> Data records:

※ ※ ※

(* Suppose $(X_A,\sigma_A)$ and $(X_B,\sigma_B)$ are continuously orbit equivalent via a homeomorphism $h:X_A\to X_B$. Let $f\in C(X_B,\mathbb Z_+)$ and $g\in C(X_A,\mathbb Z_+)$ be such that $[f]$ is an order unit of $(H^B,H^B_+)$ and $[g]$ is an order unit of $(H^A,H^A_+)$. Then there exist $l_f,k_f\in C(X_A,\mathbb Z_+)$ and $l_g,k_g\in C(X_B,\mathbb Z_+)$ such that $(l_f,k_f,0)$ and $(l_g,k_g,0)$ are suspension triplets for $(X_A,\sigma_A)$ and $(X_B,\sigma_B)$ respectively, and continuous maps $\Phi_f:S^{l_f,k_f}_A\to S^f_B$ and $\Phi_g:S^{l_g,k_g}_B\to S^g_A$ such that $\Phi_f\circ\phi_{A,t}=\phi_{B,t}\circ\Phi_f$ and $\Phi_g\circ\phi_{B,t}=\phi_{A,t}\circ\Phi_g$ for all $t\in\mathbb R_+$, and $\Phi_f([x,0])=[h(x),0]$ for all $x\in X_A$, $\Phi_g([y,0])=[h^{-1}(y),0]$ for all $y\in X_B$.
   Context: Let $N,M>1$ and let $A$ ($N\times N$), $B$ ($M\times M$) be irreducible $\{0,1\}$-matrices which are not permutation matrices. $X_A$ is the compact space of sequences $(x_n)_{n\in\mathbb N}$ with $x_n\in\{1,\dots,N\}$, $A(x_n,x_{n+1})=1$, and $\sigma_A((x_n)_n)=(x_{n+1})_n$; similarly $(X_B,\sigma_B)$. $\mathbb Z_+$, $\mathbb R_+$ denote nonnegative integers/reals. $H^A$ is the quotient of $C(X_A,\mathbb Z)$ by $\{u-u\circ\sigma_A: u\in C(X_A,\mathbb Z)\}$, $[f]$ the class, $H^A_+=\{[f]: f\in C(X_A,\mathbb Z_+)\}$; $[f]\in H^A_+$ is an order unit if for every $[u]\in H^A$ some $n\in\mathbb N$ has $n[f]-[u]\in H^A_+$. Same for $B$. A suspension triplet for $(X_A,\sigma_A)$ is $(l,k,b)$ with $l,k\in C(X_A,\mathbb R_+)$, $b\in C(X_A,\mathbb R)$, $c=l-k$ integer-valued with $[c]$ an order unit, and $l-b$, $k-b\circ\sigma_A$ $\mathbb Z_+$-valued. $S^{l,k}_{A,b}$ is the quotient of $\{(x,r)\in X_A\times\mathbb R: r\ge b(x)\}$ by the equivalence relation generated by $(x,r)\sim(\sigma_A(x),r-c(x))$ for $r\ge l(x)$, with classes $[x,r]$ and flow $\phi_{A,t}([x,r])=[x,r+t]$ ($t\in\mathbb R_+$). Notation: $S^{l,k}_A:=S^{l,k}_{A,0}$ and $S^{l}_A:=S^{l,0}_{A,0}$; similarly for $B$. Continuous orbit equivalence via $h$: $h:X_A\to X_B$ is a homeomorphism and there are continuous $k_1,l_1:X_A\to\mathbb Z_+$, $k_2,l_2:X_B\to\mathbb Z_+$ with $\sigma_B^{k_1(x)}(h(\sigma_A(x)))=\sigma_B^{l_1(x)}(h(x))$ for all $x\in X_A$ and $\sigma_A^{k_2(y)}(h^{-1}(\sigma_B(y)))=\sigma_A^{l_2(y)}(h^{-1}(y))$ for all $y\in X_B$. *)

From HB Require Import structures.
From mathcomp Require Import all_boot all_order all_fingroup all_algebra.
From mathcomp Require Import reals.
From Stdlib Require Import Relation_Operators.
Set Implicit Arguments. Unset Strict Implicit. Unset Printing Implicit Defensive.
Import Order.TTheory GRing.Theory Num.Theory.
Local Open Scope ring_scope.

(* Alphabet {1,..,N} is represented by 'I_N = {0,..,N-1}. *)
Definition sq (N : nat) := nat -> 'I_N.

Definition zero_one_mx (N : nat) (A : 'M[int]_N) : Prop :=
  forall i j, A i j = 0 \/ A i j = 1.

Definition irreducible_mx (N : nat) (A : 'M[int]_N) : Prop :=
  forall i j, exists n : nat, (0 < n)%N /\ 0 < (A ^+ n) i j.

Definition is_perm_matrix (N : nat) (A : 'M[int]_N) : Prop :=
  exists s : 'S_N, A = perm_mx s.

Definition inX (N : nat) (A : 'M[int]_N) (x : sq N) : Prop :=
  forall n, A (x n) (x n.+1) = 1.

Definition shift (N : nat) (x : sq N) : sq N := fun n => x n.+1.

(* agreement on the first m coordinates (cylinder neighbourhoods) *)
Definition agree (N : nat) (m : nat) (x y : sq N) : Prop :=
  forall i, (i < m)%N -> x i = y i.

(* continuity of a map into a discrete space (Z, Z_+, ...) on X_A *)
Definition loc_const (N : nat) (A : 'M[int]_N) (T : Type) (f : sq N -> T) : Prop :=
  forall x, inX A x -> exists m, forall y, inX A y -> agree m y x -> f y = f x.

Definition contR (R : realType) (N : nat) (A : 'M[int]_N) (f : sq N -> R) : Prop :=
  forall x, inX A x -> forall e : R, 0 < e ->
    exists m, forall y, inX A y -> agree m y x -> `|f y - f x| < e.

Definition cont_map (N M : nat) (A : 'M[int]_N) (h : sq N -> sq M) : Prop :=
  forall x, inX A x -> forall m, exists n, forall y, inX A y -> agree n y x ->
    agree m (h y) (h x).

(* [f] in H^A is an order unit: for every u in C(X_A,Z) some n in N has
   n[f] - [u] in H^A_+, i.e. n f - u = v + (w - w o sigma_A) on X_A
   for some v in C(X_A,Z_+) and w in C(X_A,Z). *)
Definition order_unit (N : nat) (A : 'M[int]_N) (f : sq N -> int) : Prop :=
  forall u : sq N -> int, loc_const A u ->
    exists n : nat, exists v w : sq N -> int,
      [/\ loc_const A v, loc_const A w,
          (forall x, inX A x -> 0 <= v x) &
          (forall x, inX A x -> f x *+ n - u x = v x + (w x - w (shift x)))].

※ ※ ※

> Work request: Show the lines of the data that hold the word "forall".

> The answer:
  forall i j, A i j = 0 \/ A i j = 1.
  forall i j, exists n : nat, (0 < n)%N /\ 0 < (A ^+ n) i j.
  forall n, A (x n) (x n.+1) = 1.
  forall i, (i < m)%N -> x i = y i.
  forall x, inX A x -> exists m, forall y, inX A y -> agree m y x -> f y = f x.
  forall x, inX A x -> forall e : R, 0 < e ->
    exists m, forall y, inX A y -> agree m y x -> `|f y - f x| < e.
  forall x, inX A x -> forall m, exists n, forall y, inX A y -> agree n y x ->
  forall u : sq N -> int, loc_const A u ->
          (forall x, inX A x -> 0 <= v x) &
          (forall x, inX A x -> f x *+ n - u x = v x + (w x - w (shift x)))].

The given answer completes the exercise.